CN218266341U - Organic solvent steam low-pressure recovery vacuum unit - Google Patents

Abstract

The utility model relates to an organic solvent steam low pressure recovery vacuum unit, including first roots vacuum pump, second roots vacuum pump, third roots vacuum pump, buffer tank, screw vacuum pump, vapour and liquid separator, condenser and the filter that communicates in proper order, first roots vacuum pump still is connected with the recycling drum, the recycling drum including the ponding jar and with the first liquid pipe that first roots vacuum pump is connected, the side of ponding jar is provided with first drain outlet, the bottom of first liquid pipe is located the below of first drain outlet. Compared with the prior art, the utility model provides a recovery drum is used for retrieving the condensate of condensation in the first roots vacuum pump, and the liquid outlet of first liquid pipe is located the liquid level below for the condensate is restricted in first liquid pipe down with vacuum pumping system's contact, thereby significantly reduced can produce the liquid surface area of flash evaporation, reduces the flash evaporation, need not additional cooling device, thereby reduces recovery cost.

Description

Organic solvent steam low-pressure recovery vacuum unit

Technical Field

The utility model relates to a vacuum unit is retrieved to organic solvent steam low pressure belongs to vacuum unit technical field.

Background

A vacuum unit for retrieving solvent includes the hydrops mechanism that is connected with the pump, and hydrops mechanism simple structure among the prior art appears the phenomenon of condensate secondary evaporation easily at the in-process of retrieving the solvent to increase vacuum unit's load.

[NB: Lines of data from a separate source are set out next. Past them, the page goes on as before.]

(* Let $d,m\ge 1$ and let $\mathbf{G}\in\mathbb{R}^{dm\times dm}$ be a symmetric matrix satisfying: (P1) $\mathbf{G}$ is positive semidefinite; (P2) $\mathrm{rank}(\mathbf{G})\le d$; (P3) $\mathbf{G}_{ii}=\mathbf{I}$ for all $i\in\{1,\ldots,m\}$; (P4) $\mathbf{G}_{i,i+1}\in\mathbb{SO}(d)$ for all $i\in\{1,\ldots,m-1\}$. Then there exist $\mathbf{R}_1,\ldots,\mathbf{R}_m\in\mathbb{SO}(d)$ such that $\mathbf{G}_{ij}=\mathbf{R}_i^\top\mathbf{R}_j$ for all $i,j\in\{1,\ldots,m\}$.
   Context: $\mathbb{SO}(d)=\{\mathbf{R}\in\mathbb{R}^{d\times d}:\mathbf{R}^\top\mathbf{R}=\mathbf{I},\ \det\mathbf{R}=1\}$. For a matrix $\mathbf{X}\in\mathbb{R}^{dm\times dm}$, $\mathbf{X}_{ij}\in\mathbb{R}^{d\times d}$ denotes its $(i,j)$-th $d\times d$ block, i.e. $\mathbf{X}_{ij}(p,q)=\mathbf{X}((i-1)d+p,(j-1)d+q)$ for $p,q\in\{1,\ldots,d\}$. $\mathbf{I}$ is the $d\times d$ identity. *)

From HB Require Import structures.
From mathcomp Require Import all_boot all_order all_algebra.
From mathcomp Require Import reals zify.
Set Implicit Arguments. Unset Strict Implicit. Unset Printing Implicit Defensive.
Import Order.TTheory GRing.Theory Num.Theory.
Local Open Scope ring_scope.

(* index (i-1)d + p  (0-based: i*d + p) of the big matrix *)
Lemma blk_idx_proof (d m : nat) (i : 'I_m) (p : 'I_d) : (i * d + p < d * m)%N.
Proof.
case: i => i /= Hi; case: p => p /= Hp.
have H : (i.+1 * d <= m * d)%N by rewrite leq_mul2r Hi orbT.
rewrite [(d * m)%N]mulnC; apply: leq_trans H.
rewrite mulSn; lia.
Qed.

Definition blk_idx (d m : nat) (i : 'I_m) (p : 'I_d) : 'I_(d * m) :=
  Ordinal (blk_idx_proof i p).

Definition block {R : Type} (d m : nat) (X : 'M[R]_(d * m)) (i j : 'I_m)
  : 'M[R]_d := \matrix_(p < d, q < d) X (blk_idx i p) (blk_idx j q).

Definition is_psd {R : realType} (n : nat) (X : 'M[R]_n) : Prop :=
  forall x : 'cV[R]_n, 0 <= (x^T *m X *m x) 0 0.

Definition is_SO {R : realType} (d : nat) (Q : 'M[R]_d) : Prop :=
  Q^T *m Q = 1%:M /\ \det Q = 1.

From HB Require Import structures.
From mathcomp Require Import all_boot all_order all_algebra.
From mathcomp Require Import reals.
Import Order.TTheory GRing.Theory Num.Theory.
Local Open Scope ring_scope.

(* A matrix A of rank at most d with an invertible d x d submatrix S factors
   as A = C S^-1 U, where C and U are the columns and rows of A through S.
   With S = G_11 = I this gives G_ij = G_i1 G_1j = G_1i^T G_1j, so R_j := G_1j
   works: R_j^T R_j = G_jj = I, and (P4) gives det R_i * det R_(i+1) = 1, so
   inductively every det R_j equals det G_11 = 1. *)

Lemma skeleton_decomposition {F : fieldType} {n k d : nat} {A : 'M[F]_(n, k)}
    {f : 'I_d -> 'I_n} {g : 'I_d -> 'I_k} :
  mxsub f g A \in unitmx -> (\rank A <= d)%N ->
  A = colsub g A *m invmx (mxsub f g A) *m rowsub f A.
Proof.
move=> S_unit rankA; set S := mxsub f g A in S_unit *; set U := rowsub f A.
have US : colsub g U = S by rewrite /S [RHS]mxsubcr.
have rankU : \rank U = d.
  apply/eqP; rewrite eqn_leq rank_leq_row -{1}(mxrank_unit S_unit) -US.
  by rewrite -[X in colsub g X]mulmx1 -mulmx_colsub mxrankM_maxl.
have UA : (U <= A)%MS by apply: rowsub_sub.
have AU : (A <= U)%MS.
  have [_ <-] := mxrank_leqif_sup UA.
  by rewrite eqn_leq (mxrankS UA) rankU rankA.
set X := A *m pinvmx U.
have AXU : A = X *m U by rewrite mulmxKpV.
have -> : colsub g A = X *m S by rewrite {1}AXU -mulmx_colsub US.
by rewrite mulmxK.
Qed.

Lemma block_mxsub (T : Type) (d m : nat) (X : 'M[T]_(d * m)) (i j : 'I_m) :
  block X i j = mxsub (blk_idx i) (blk_idx j) X.
Proof. by apply/matrixP => p q; rewrite !mxE. Qed.

Lemma block_trmx (T : Type) (d m : nat) (X : 'M[T]_(d * m)) (i j : 'I_m) :
  block X^T i j = (block X j i)^T.
Proof. by rewrite !block_mxsub trmx_mxsub. Qed.

Lemma block_mul_pivot {F : fieldType} {d m : nat} {G : 'M[F]_(d * m)}
    {k : 'I_m} :
  block G k k = 1%:M -> (\rank G <= d)%N ->
  forall i j, block G i j = block G i k *m block G k j.
Proof.
rewrite block_mxsub => Gkk rankG i j.
have Gkk_unit : mxsub (blk_idx k) (blk_idx k) G \in unitmx.
  by rewrite Gkk unitmx1.
rewrite !block_mxsub {1}(skeleton_decomposition Gkk_unit rankG).
by rewrite Gkk invmx1 mulmx1 mxsub_mul -mxsubrc -mxsubcr.
Qed.

Lemma ord_succ_ind (m : nat) (P : 'I_m -> Prop) (i0 : 'I_m) :
  val i0 = 0%N -> P i0 ->
  (forall i j : 'I_m, val j = (val i).+1 -> P i -> P j) ->
  forall j, P j.
Proof.
move=> i00 P0 PS j; elim: {j}(val j) {-2}j (erefl (val j)) => [|n IH] j jn.
  by have -> : j = i0 by apply: val_inj; rewrite jn i00.
have n_lt_m : (n < m)%N by apply: ltnW; rewrite -jn ltn_ord.
by apply: (PS (Ordinal n_lt_m)) => //; apply: IH.
Qed.

Theorem theorem1 (R : realType) (d m : nat) (G : 'M[R]_(d * m)) :
  (0 < d)%N -> (0 < m)%N ->
  G^T = G ->
  is_psd G ->
  (\rank G <= d)%N ->
  (forall i : 'I_m, block G i i = 1%:M) ->
  (forall i j : 'I_m, val j = (val i).+1 -> is_SO (block G i j)) ->
  exists Rs : 'I_m -> 'M[R]_d,
    (forall i, is_SO (Rs i)) /\
    (forall i j : 'I_m, block G i j = (Rs i)^T *m Rs j).
Proof.
move=> _ m_gt0 G_sym _ G_rank G_diag G_SO.
pose k : 'I_m := Ordinal m_gt0.
pose Rs j := block G k j.
have G_gram i j : block G i j = (Rs i)^T *m Rs j.
  by rewrite (block_mul_pivot (G_diag k) G_rank) -block_trmx G_sym.
exists Rs; split; last exact: G_gram.
move=> j; split; first by rewrite -G_gram G_diag.
apply: (@ord_succ_ind m (fun j => \det (Rs j) = 1) k) => // [|i l il deti].
  by rewrite /Rs G_diag det1.
have [_] := G_SO i l il.
by rewrite G_gram det_mulmx det_tr deti mul1r.
Qed.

In order to prevent secondary evaporation of the condensate, a cooling device is additionally arranged on the liquid accumulating mechanism, but the production cost is greatly increased.

SUMMERY OF THE UTILITY MODEL

The utility model aims at the shortcoming of prior art, provide a reduce organic solvent steam low pressure recovery vacuum unit of condensate secondary evaporation.

For realizing the purpose the utility model adopts the technical proposal that:

the organic solvent steam low-pressure recovery vacuum unit comprises a first roots vacuum pump, a second roots vacuum pump, a third roots vacuum pump, a buffer tank, a screw vacuum pump, a gas-liquid separator, a condenser and a filter which are sequentially communicated, wherein the first roots vacuum pump is further connected with a recovery barrel, the recovery barrel comprises a liquid accumulation tank and a first liquid discharge pipe connected with the first roots vacuum pump, a first liquid discharge port is formed in the side surface of the liquid accumulation tank, the bottom of the first liquid discharge pipe is located below the first liquid discharge port, steam enters the first roots vacuum pump, and condensate in the first roots vacuum pump enters the liquid accumulation tank through the first liquid discharge pipe, then enters the recovery barrel and is discharged through the first liquid discharge port.

As a further optimization of the above technical solution: the recycling device is characterized in that a vent hole is formed in the pipe wall of the first liquid dropping pipe, the vent hole is located in the liquid accumulation tank and close to the top of the liquid accumulation tank, when condensate is received in the liquid accumulation tank, the liquid level is located below the vent hole, a gas release port is formed in the recycling cylinder, and a gas release valve is installed in the gas release port.

As a further optimization of the above technical solution: the buffer tank is provided with an air inlet pipe and an air outlet pipe, the top of the air inlet pipe extends out of the buffer tank and is connected with the third Roots vacuum pump, one end of the air outlet pipe penetrates through the inner wall of the buffer tank and is located in the buffer tank, and the other end of the air outlet pipe extends out of the buffer tank and is connected with the screw vacuum pump.

As a further optimization of the above technical solution: the end part of the air inlet pipe, which is positioned in the buffer tank, is provided with an oblique notch.

As a further optimization of the above technical solution: the oblique incision is directed to the left.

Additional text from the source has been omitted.